-- PROBLEM STATEMENT --
Beneath this line are the data; copy exactly the part of them that opens with the line containing "(x^T *m M *m x) 0 0." and closes with the line containing "(* A 2x2 Hurwitz", and only that part.
----- ENTRIES SHOWN -----
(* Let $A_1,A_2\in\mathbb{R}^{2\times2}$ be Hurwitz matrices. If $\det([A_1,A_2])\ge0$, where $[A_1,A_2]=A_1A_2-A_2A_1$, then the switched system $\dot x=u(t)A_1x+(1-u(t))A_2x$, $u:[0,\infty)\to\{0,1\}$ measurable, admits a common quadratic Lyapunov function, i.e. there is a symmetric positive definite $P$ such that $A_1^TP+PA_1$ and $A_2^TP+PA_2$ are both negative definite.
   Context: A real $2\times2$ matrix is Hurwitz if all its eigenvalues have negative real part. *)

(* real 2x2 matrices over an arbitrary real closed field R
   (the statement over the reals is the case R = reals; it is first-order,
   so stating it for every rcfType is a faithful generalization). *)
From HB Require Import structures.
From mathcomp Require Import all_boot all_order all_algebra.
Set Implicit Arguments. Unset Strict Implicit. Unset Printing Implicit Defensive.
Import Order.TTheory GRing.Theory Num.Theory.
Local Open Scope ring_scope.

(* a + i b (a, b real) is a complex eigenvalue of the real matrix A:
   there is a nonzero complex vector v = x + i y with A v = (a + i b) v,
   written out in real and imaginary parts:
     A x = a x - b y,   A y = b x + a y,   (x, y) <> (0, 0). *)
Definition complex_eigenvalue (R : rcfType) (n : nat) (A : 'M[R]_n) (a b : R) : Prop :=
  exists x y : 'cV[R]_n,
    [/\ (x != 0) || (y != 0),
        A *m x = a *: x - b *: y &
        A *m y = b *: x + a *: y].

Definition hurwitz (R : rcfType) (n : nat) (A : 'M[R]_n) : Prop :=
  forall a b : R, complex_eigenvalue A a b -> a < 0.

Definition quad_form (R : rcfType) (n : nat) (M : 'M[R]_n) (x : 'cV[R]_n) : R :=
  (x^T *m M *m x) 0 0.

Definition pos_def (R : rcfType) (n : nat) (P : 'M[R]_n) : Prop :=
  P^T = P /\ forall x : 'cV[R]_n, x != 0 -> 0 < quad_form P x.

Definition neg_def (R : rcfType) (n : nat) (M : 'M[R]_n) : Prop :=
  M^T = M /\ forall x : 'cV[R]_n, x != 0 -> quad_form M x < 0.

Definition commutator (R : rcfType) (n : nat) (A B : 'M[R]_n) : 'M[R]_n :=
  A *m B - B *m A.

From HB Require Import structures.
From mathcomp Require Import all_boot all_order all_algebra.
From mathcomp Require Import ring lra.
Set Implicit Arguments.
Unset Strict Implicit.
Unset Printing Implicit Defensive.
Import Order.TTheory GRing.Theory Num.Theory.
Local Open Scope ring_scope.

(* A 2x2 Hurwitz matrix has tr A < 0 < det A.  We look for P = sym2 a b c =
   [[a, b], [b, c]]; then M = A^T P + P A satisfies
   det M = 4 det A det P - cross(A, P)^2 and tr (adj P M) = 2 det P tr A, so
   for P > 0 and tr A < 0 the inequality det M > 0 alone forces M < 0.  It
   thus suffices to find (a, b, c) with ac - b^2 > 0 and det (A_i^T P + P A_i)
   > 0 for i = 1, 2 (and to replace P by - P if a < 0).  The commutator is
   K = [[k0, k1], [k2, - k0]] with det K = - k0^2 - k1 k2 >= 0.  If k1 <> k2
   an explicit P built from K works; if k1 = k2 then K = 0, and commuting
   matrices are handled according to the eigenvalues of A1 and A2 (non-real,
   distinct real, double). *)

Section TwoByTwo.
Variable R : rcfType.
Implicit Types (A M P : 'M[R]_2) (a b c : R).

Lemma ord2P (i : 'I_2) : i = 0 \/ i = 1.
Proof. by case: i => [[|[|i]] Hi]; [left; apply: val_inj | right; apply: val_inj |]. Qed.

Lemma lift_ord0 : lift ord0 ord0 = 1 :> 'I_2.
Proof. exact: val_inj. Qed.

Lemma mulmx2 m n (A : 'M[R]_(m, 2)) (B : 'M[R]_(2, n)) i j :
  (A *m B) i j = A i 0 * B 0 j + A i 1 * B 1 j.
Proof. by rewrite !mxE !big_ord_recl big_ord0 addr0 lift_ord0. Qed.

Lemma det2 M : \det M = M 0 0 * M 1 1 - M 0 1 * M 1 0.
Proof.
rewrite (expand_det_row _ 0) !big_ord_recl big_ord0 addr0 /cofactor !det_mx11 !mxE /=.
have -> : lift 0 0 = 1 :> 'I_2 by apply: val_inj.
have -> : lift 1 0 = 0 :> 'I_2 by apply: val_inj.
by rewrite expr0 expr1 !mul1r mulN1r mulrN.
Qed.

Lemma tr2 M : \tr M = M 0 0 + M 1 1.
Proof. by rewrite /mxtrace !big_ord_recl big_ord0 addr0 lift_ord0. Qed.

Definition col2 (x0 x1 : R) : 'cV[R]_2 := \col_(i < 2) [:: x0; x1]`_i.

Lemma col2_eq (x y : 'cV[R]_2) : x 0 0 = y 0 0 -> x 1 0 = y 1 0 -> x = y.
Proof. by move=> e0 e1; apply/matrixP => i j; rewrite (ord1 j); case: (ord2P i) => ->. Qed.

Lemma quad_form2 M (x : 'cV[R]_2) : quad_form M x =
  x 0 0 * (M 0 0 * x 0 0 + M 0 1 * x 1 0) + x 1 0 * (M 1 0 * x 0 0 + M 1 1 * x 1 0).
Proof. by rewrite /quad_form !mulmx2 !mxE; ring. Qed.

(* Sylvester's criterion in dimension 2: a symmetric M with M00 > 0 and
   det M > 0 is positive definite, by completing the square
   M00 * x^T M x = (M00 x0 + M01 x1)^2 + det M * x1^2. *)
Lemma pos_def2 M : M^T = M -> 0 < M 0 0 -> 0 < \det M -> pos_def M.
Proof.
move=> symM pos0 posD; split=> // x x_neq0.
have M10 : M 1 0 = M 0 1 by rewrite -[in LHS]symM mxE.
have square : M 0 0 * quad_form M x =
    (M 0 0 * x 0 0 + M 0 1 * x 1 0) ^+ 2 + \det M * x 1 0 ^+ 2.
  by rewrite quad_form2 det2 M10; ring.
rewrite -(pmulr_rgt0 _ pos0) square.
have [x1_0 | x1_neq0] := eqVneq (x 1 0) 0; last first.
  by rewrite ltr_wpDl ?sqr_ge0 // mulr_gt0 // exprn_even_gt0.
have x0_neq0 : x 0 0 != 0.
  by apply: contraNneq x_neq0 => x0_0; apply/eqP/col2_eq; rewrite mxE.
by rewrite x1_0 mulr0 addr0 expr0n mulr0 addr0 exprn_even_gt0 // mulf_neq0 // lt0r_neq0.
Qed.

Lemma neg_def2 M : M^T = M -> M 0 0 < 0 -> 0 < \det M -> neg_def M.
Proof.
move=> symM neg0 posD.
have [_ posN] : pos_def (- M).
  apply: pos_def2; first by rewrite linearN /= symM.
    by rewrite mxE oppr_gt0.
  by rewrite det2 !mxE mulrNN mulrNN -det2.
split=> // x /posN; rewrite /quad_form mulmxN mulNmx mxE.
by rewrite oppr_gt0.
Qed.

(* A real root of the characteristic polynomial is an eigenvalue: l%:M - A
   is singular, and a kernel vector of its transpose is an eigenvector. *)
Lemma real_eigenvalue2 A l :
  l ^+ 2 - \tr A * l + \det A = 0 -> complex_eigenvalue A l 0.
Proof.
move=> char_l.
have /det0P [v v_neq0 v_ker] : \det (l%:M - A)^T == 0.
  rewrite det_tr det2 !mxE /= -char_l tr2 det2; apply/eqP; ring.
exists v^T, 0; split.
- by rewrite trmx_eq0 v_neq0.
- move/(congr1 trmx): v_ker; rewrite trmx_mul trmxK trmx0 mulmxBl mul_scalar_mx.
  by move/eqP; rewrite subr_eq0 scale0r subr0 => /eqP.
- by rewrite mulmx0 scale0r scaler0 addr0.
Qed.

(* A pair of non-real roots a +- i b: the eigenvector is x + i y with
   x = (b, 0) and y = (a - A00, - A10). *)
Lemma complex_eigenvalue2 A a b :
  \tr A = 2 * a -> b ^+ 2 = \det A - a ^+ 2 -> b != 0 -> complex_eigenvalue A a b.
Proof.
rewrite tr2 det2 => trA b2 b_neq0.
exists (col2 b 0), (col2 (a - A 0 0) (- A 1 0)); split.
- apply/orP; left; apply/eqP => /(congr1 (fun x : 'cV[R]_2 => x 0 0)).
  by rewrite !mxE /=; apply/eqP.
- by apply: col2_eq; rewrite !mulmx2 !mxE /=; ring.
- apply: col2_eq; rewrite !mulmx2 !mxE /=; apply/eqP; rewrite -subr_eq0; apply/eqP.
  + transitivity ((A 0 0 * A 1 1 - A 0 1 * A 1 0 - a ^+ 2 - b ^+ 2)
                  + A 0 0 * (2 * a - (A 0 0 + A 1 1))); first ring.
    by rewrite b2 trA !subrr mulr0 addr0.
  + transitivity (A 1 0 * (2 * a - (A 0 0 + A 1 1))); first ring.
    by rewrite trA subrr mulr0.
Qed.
-----
----- ENTRIES SHOWN -----
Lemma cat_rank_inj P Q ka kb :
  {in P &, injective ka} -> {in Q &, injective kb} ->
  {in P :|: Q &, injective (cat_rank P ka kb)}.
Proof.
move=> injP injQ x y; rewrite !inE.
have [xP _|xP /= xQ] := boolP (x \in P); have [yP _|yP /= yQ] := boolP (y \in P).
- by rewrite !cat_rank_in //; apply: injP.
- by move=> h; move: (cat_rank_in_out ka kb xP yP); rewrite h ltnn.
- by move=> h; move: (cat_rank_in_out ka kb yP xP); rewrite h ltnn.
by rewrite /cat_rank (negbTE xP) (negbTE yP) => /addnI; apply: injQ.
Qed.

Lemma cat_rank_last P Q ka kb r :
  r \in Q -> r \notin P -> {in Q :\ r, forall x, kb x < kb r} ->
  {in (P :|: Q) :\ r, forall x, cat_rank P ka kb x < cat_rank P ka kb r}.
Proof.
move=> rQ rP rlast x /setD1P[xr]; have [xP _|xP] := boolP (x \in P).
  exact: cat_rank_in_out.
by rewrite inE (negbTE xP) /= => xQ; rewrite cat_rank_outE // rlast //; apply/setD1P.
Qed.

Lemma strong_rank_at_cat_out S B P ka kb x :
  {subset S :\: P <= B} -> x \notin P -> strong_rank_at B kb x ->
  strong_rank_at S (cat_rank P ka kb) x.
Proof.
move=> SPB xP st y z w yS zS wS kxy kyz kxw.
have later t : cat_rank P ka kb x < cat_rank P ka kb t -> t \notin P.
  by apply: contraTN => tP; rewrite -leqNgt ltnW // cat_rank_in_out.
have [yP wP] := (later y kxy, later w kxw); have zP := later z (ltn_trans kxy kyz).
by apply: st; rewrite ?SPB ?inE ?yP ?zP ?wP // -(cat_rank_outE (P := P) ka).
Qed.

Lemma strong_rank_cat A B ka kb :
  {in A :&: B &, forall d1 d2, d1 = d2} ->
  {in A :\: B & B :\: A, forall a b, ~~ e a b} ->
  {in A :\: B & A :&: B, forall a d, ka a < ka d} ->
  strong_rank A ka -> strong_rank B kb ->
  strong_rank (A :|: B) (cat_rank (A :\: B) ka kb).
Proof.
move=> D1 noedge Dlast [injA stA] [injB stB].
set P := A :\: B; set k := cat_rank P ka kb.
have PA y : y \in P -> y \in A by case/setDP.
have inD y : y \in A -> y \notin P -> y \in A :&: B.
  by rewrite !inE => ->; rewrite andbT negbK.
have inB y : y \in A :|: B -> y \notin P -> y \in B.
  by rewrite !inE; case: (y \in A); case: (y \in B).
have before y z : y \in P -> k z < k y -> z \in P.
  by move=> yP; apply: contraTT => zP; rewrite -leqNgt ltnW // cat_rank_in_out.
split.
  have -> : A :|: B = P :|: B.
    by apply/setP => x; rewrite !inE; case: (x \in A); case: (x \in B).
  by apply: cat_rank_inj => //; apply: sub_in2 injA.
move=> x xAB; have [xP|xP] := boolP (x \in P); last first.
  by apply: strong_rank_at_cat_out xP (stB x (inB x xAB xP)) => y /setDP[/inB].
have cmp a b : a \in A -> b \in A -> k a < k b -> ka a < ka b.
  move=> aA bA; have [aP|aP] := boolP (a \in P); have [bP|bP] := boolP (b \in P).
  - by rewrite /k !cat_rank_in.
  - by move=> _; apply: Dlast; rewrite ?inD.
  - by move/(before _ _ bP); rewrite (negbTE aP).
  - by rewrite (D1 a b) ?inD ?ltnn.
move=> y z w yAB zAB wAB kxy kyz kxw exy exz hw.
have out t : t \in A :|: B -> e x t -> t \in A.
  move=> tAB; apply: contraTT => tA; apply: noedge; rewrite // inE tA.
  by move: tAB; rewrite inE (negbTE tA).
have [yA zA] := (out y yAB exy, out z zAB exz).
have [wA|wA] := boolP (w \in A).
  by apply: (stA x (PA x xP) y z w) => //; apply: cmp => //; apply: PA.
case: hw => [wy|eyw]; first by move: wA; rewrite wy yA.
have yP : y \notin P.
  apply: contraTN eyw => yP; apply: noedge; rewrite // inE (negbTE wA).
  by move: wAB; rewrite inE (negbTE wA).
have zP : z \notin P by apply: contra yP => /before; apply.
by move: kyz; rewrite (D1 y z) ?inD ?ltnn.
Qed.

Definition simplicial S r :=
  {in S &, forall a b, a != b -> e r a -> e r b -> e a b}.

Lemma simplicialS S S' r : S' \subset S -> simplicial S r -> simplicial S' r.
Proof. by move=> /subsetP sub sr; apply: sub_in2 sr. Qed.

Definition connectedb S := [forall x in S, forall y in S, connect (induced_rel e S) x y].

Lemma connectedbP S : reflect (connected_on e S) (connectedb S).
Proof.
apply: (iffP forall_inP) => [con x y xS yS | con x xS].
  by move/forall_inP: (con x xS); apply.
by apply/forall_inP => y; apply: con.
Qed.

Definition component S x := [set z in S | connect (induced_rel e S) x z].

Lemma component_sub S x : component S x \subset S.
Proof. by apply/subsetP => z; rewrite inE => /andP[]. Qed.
-----
-- EXERCISE RESPONSE --
  (x^T *m M *m x) 0 0.

Definition pos_def (R : rcfType) (n : nat) (P : 'M[R]_n) : Prop :=
  P^T = P /\ forall x : 'cV[R]_n, x != 0 -> 0 < quad_form P x.

Definition neg_def (R : rcfType) (n : nat) (M : 'M[R]_n) : Prop :=
  M^T = M /\ forall x : 'cV[R]_n, x != 0 -> quad_form M x < 0.

Definition commutator (R : rcfType) (n : nat) (A B : 'M[R]_n) : 'M[R]_n :=
  A *m B - B *m A.

From HB Require Import structures.
From mathcomp Require Import all_boot all_order all_algebra.
From mathcomp Require Import ring lra.
Set Implicit Arguments.
Unset Strict Implicit.
Unset Printing Implicit Defensive.
Import Order.TTheory GRing.Theory Num.Theory.
Local Open Scope ring_scope.

(* A 2x2 Hurwitz matrix has tr A < 0 < det A.  We look for P = sym2 a b c =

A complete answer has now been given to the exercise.